▸ **Work task**
Copy out all lines of the records in which the word "realType" appears.

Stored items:
Lemma Psi_core_ge n1 alpha c y P Q :
  (forall l, (l < n1)%nat -> 1 <= alpha l) -> 1 < P -> 1 < Q ->
  (forall l, (l < n1)%nat -> 0 <= c l) ->
  (forall l, (l < n1)%nat -> 0 <= y l <= 1) -> sumR n1 y <= 1 ->
  sumR n1 (fun l => rpow (c l) P * rpow (y l) (alpha l * P / Q)) <=
  rpow (sumR n1 (fun l => if Rlt_dec (alpha l * P) Q
                          then rpow (c l) (P * Q / (Q - alphabar alpha P Q n1 * P))
                          else 0))
       (1 - alphabar alpha P Q n1 * P / Q) +
  maxR n1 (fun l => if Rlt_dec (alpha l * P) Q then 0 else rpow (c l) P).
Proof.
intros Hal HP HQ Hc Hy Hsy.
rewrite (sumR_ext n1 _ (fun l =>
   (if Rlt_dec (alpha l * P) Q then rpow (c l) P else 0) * rpow (y l) (alpha l * P / Q) +
   (if Rlt_dec (alpha l * P) Q then 0 else rpow (c l) P) * rpow (y l) (alpha l * P / Q)))
  by (intros l _; destruct (Rlt_dec (alpha l * P) Q); ring).
rewrite sumR_plus; apply Rplus_le_compat.
- unfold alphabar; destruct (minJ alpha P Q n1) as [m |] eqn:E.
  + destruct (minJ_Some _ _ _ _ _ E) as [Hmin [k [Hk [HkJ ->]]]].
    assert (Hth : 0 < alpha k * P / Q < 1).
    { assert (1 <= alpha k) by (apply Hal, Hk).
      split; [apply Rdiv_lt_0_compat; nra |].
      apply (Rmult_lt_reg_r Q); [lra |]; unfold Rdiv; rewrite Rmult_assoc, Rinv_l; lra. }
    eapply Rle_trans; [apply (sumR_mul_simplex_rpow_le _ _ _ _ _ Hth); try assumption |].
    * intros l _; destruct (Rlt_dec (alpha l * P) Q); [apply rpow_ge0 | lra].
    (* alphabar <= alpha_l on J by minimality, and alpha_l P / Q >= 1 off J *)
    * intros l Hl; apply Rmult_le_compat_r; [left; apply Rinv_0_lt_compat; lra |].
      destruct (Rlt_dec (alpha l * P) Q) as [HlJ | HlJ].
      -- apply Rmult_le_compat_r; [lra | apply Hmin; assumption].
      -- lra.
    * right; f_equal; apply sumR_ext; intros l Hl.
      destruct (Rlt_dec (alpha l * P) Q); [| apply rpow_0_l].
      rewrite rpow_rpow by (apply Hc, Hl); f_equal; field; split; lra.
  + rewrite (sumR_ext n1 _ (fun _ => 0)), sumR_0; [apply rpow_ge0 |].
    intros l Hl; destruct (Rlt_dec (alpha l * P) Q) as [HlJ | _]; [| ring].
    exfalso; exact (minJ_None _ _ _ _ E l Hl HlJ).
- rewrite (sumR_ext n1 _ (fun l =>
     (if Rlt_dec (alpha l * P) Q then 0 else rpow (c l) P) *
     rpow (y l) (if Rlt_dec (alpha l * P) Q then 1 else alpha l * P / Q)))
    by (intros l _; destruct (Rlt_dec (alpha l * P) Q); ring).
  apply sumR_mul_simplex_rpow_le_maxR; try assumption.
  + intros l _; destruct (Rlt_dec (alpha l * P) Q); [lra | apply rpow_ge0].
  + intros l _; destruct (Rlt_dec (alpha l * P) Q) as [_ | HlJ]; [lra |].
    apply (Rmult_le_reg_r Q); [lra |]; unfold Rdiv; rewrite Rmult_assoc, Rinv_l; lra.
Qed.
(* Let $s\ge0$ and let $(X_1,X_2,X_3,Y,U_1,U_2,U_3,U_4)$ have joint distribution factorizing as $$P_{X_1,X_2,X_3,Y}\,P_{U_1|X_1}\,P_{U_2|X_2}\,P_{U_3|X_3}\,P_{U_4|U_2,U_3}.$$ Then, with $\mathbf P=\{P_{U_1|X_1},P_{U_2|X_2},P_{U_3|X_3}\}$, $$\mathcal L_s(\mathbf P)\ \ge\ \mathcal L_s^{\rm low}(\mathbf P,P_{U_4|U_2,U_3}),$$ where $$\mathcal L_s(\mathbf P)=-H(Y|U_1,U_2,U_3)-s\big[I(X_1,X_2,X_3;U_1,U_2,U_3)+I(X_2,X_3;U_2,U_3|U_1)\big]$$ and $$\mathcal L_s^{\rm low}(\mathbf P,P_{U_4|U_2,U_3})=-H(Y|U_1,U_4)-sI(X_1;U_1)-2s\big[I(X_2;U_2)+I(X_3;U_3)\big]+2s\big[I(U_2;U_1)+I(U_3;U_1,U_2)\big].$$
   Context: All random variables take values in finite sets; all information quantities are computed under the stated joint distribution. *)

From mathcomp Require Import all_boot all_order all_algebra.
From mathcomp Require Import reals exp.
Set Implicit Arguments. Unset Strict Implicit. Unset Printing Implicit Defensive.
Import Order.TTheory GRing.Theory Num.Theory.
Local Open Scope ring_scope.

Section Info.
Variable R : realType.

Definition xlnx (x : R) : R := if x == 0 then 0 else x * ln x.

Variable Om : finType.
Variable p : Om -> R.

Definition pmf_of (A : finType) (f : Om -> A) (a : A) : R :=
  \sum_(w | f w == a) p w.

Definition ent (A : finType) (f : Om -> A) : R :=
  - \sum_(a : A) xlnx (pmf_of f a).

Definition cent (A B : finType) (f : Om -> A) (g : Om -> B) : R :=
  ent (fun w => (f w, g w)) - ent g.

Definition minf (A B : finType) (f : Om -> A) (g : Om -> B) : R :=
  ent f + ent g - ent (fun w => (f w, g w)).

Definition cminf (A B C : finType) (f : Om -> A) (g : Om -> B) (h : Om -> C) : R :=
  ent (fun w => (f w, h w)) + ent (fun w => (g w, h w))
  - ent (fun w => (f w, g w, h w)) - ent h.
End Info.

Section Model.
Variables (R : realType) (X1 X2 X3 Y U1 U2 U3 U4 : finType).

Definition Omega : finType := (X1 * X2 * X3 * Y * U1 * U2 * U3 * U4)%type.

Definition vX1 (w : Omega) : X1 := w.1.1.1.1.1.1.1.
Definition vX2 (w : Omega) : X2 := w.1.1.1.1.1.1.2.
Definition vX3 (w : Omega) : X3 := w.1.1.1.1.1.2.
Definition vY  (w : Omega) : Y  := w.1.1.1.1.2.
Definition vU1 (w : Omega) : U1 := w.1.1.1.2.
Definition vU2 (w : Omega) : U2 := w.1.1.2.
Definition vU3 (w : Omega) : U3 := w.1.2.
Definition vU4 (w : Omega) : U4 := w.2.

▸ **Completed exercise**
Variable R : realType.
Variables (R : realType) (X1 X2 X3 Y U1 U2 U3 U4 : finType).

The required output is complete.